Small and Medium-sized Enterprises: Clydesdale Bank Debate
Full Debate: Read Full DebateBaroness Kramer
Main Page: Baroness Kramer (Liberal Democrat - Life peer)Department Debates - View all Baroness Kramer's debates with the Cabinet Office
(5 years, 8 months ago)
Lords ChamberI am grateful to the noble Lord for his response. It makes sense to wait for the expansion of the financial ombudsman’s scheme, which I and he referred to, and which comes into effect next month. I also believe that the two voluntary schemes to which he referred are better than the alternative—a statutory independent tribunal, which the Treasury Select Committee considered. We gave that serious consideration, but agreed with Simon Walker’s conclusion that that would not be the right approach. It would involve primary legislation, setting up a tribunal and probably costs for the SMEs that wished to access it. I think a dispute resolution system, as outlined, would be much quicker, much less expensive and not constrained by a narrow interpretation of the law. An ombudsman could see whether a contract was fair and reasonable, for example.
The noble Lord asked whether the standard lending practice was voluntary. Yes, it is a voluntary scheme. It sets the benchmark for good lending practice in the UK, outlining the way registered firms are expected to deal with their customers throughout the entire product life. We believe that this is the right approach to resolving complaints, but we have not ruled out other options if it does not deliver.
My Lords, do the Government recognise that people have been waiting for more than six years for justice? Those SMEs were maltreated by Clydesdale, RBS and Lloyds. They were viable companies paying their loans that were put into bankruptcy so that their assets could be stripped for profit and advantage, and the Government have at every step of the way dragged their feet, as has the regulator. Now, rather than the limited, partial voluntary schemes that the Minister proposes for the future, will the Government understand the reality of the experience of so many people, take a much firmer hand following the Australian example, do a complete retroactive review and ensure that everyone is compensated by the Government’s initiative, not wait for people who have been badly damaged to come forward to battle yet again?
If there was inaction for the past six years, that covers a period when we were both Ministers together in the coalition Government. The noble Baroness asked whether it was fair to ask people to wait. What we propose would bring a swifter solution to those who have already waited a long time—as I agree—than the alternative of a statutory scheme which, as I said, requires primary legislation, regulations controlling SME lending, which is not regulated at the moment, and then possibly expensive access to the tribunal through legal representation for SMEs.
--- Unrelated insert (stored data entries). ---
Lemma graph_index_exists z D : (forall k y, fapp mem z k y -> k ∈ D) ->
  exists g, is_relation mem g /\
    forall k p, fapp mem g k p <-> p ∈ z /\ exists y, is_opair mem p k y.
Proof.
  intro HD. destruct (union2_exists D z) as [X HX].
  destruct (finite_closure X) as [Y [HXY HY]].
  destruct (bounded_class_is_set
    (fun e => exists k p y, p ∈ e 1 /\ is_opair mem p k y /\ is_opair mem (e 0) k p)
    (fun _ => z) Y) as [g Hg].
  { definable_tac. }
  { intros q [k [p [y [Hp [Hpo Hq]]]]]. apply (opair_mem_closed HY Hq); apply HXY, HX.
    - left. apply (HD k y). exists p. auto.
    - right. exact Hp. }
  simpl in Hg. exists g. split.
  - intros q Hq. apply Hg in Hq. destruct Hq as [k [p [_ [_ [_ Hq]]]]]. eauto.
  - intros k p. split.
    + intros [q [Hq Hqo]]. apply Hg in Hq. destruct Hq as [k' [p' [y [Hp' [Hpo Hqo']]]]].
      destruct (opair_inj Hqo Hqo'). subst k' p'. eauto.
    + intros [Hp [y Hpo]]. destruct (opair_exists k p) as [q Hq].
      exists q. split; [apply Hg; exists k, p, y; auto | exact Hq].
Qed.

Lemma finite_fun_dom_omega z n : in_omega mem n -> fun_dom_is mem z n -> finite_set mem z.
Proof.
  intros Hn [[Hpairs Hfun] Hdom].
  destruct (graph_index_exists (z := z) (D := n)) as [g [Hgrel Hg]].
  { intros k y H. apply Hdom. eauto. }
  exists n, g. split; [exact Hn |].
  split; [split; [split |] | split].
  - exact Hgrel.
  - intros k p p' H1 H2. apply Hg in H1 as [Hp [y Hy]]. apply Hg in H2 as [Hp' [y' Hy']].
    assert (y = y') as <- by (apply (Hfun k); [exists p | exists p']; auto).
    exact (opair_unique Hy Hy').
  - intro k. rewrite Hdom. split.
    + intros [y [p [Hp Hpo]]]. exists p. apply Hg. eauto.
    + intros [p Hp]. apply Hg in Hp as [Hp [y Hy]]. exists y, p. auto.
  - intros k k' p H1 H2. apply Hg in H1 as [_ [y Hy]]. apply Hg in H2 as [_ [y' Hy']].
    exact (proj1 (opair_inj Hy Hy')).
  - intro p. split.
    + intro Hp. destruct (Hpairs p Hp) as [k [y Hy]]. exists k. apply Hg. eauto.
    + intros [k Hk]. apply Hg in Hk. tauto.
Qed.

Lemma in_omega_sub_transitive I T n : inductive mem I -> subset mem I T ->
  transitive_set mem T -> in_omega mem n -> subset mem n T.
Proof. intros HI HIT HT Hn k Hk. exact (HT n (HIT n (Hn I HI)) k Hk). Qed.

Lemma product_exists U V : exists P, forall z, z ∈ P <->
  exists u v, u ∈ U /\ v ∈ V /\ is_opair mem z u v.
Proof.
  destruct (union2_exists U V) as [X HX].
  destruct (finite_closure X) as [Y [HXY HY]].
  refine (bounded_class_is_set
    (fun e => exists u v, u ∈ e 1 /\ v ∈ e 2 /\ is_opair mem (e 0) u v)
    (scons U (fun _ => V)) Y _ _).
  - definable_tac.
  - intros z [u [v [Hu [Hv Hz]]]]. apply (opair_mem_closed HY Hz); apply HXY, HX; auto.
Qed.

Lemma finite_subsets_exist U : exists F, forall z, z ∈ F <->
  subset mem z U /\ finite_set mem z.
Proof.
  destruct (finite_closure U) as [Y [HUY HY]].
  refine (bounded_class_is_set
    (fun e => subset mem (e 0) (e 1) /\ finite_set mem (e 0))
    (fun _ => U) Y _ _).
  - definable_tac.
  - intros z [HzU Hfin]. apply HY; [| exact Hfin]. intros w Hw. apply HUY, HzU, Hw.
Qed.

Lemma finite_sequences_exist U : exists S, forall z, z ∈ S <->
  exists n, in_omega mem n /\ fun_dom_is mem z n /\ (forall x y, fapp mem z x y -> y ∈ U).
Proof.
  destruct infinity as [I HI].
  destruct (transitive_superset I) as [T [HIT HT]].
  destruct (union2_exists T U) as [X HX].
  destruct (finite_closure X) as [Y [HXY HY]].
  refine (bounded_class_is_set
    (fun e => exists n, in_omega mem n /\ fun_dom_is mem (e 0) n /\
       (forall x y, fapp mem (e 0) x y -> y ∈ e 1))
    (fun _ => U) Y _ _).
  - definable_tac.
  - intros z [n [Hn [Hzn HzU]]]. apply HY; [| exact (finite_fun_dom_omega Hn Hzn)].
    intros p Hp. destruct Hzn as [[Hpairs _] Hdom].
    destruct (Hpairs p Hp) as [k [u Hp_ku]].
    assert (Hku : fapp mem z k u) by (exists p; auto).
    apply (opair_mem_closed HY Hp_ku); apply HXY, HX.
    + left. apply (in_omega_sub_transitive HI HIT HT Hn), Hdom. eauto.
    + right. exact (HzU _ _ Hku).
Qed.

End ZMinus.

Theorem lemma9p2 (M : Type) (mem : M -> M -> Prop)
  (HZ : Z_minus_FTMw mem) (U V : M) :
  (exists P, forall z, mem z P <->
      exists u v, mem u U /\ mem v V /\ is_opair mem z u v) /\
  (exists F, forall z, mem z F <-> subset mem z U /\ finite_set mem z) /\
  (exists S, forall z, mem z S <->
      exists n, in_omega mem n /\ fun_dom_is mem z n /\
        (forall x y, fapp mem z x y -> mem y U)).
Proof.
  destruct HZ as [ext [pair [union [inf [reg [sep [fc [ts _]]]]]]]].
  split; [| split].
  - apply product_exists; assumption.
  - apply finite_subsets_exist; assumption.
  - apply finite_sequences_exist; assumption.
Qed.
The banks have a good record of observing the recommendations of the financial ombudsman scheme, so we should let them have the opportunity to show that they will also honour the recommendations of the two schemes being announced today, which will be up and running in the autumn—far sooner than a statutory scheme.
I recognise that there are more cases than the one that has generated the interest. There has been a lot of press interest in some RBS schemes. Looking at the FCA estimates, we estimate that the expansion in eligibility for the FOS scheme will result in no more than an additional 1,300 cases from businesses on top of the existing 6,000 cases from microenterprises. To put that in context, the employment tribunal received over 109,000 cases in the financial year. We think the FCA’s planned expansion of the FOS to include small businesses is the right and proportionate response. We look forward to the next steps and to these vital pieces.
The noble Lord then asked me a number of questions about the incentive loans or interest rates that banks sometimes offer and some of their other practices. I am not sure whether they fall precisely under the remit I have just announced but, if the noble Lord will permit, I will write to him when I have received further clarification.
My Lords, since I can now follow up with another question, I remind the Minister that during the coalition years Vince Cable, in his role at BIS, commissioned the first investigation into the many complaints against RBS, its abuse and its behaviour. As a consequence the FCA, as it is now—the regulator—was asked to act. The regulator commissioned a consultant called Promontory to produce a report, which was utterly damning—but we did not know that, because it was not published—and the summary the FCA produced was 180 degrees different from the underlying report. It was only its leakage and its exposure that brought this to much wider attention. Essentially, Members on all sides of this House—and in the other House—have been dragging this Government to try to deal with this and to get the FCA and the other regulators to deal with their underlying responsibilities. Would it not be appropriate to make sure that, where an institution is to any degree regulated by either the FCA or the PRA, they take fundamental responsibility for its ethical behaviour and not limit themselves to the narrow regulatory perimeter behind which they hide?
I do not disagree with the recommendation the noble Baroness made at the end: that they should have a broader remit in their responsibilities and not confine themselves to the narrow remit that may be set out. Again, perhaps I can write to her, as she has strayed just a little from the rather narrow case that brought me to the Dispatch Box. She raises an important point about the broader responsibilities of regulatory bodies, which I will write to her about.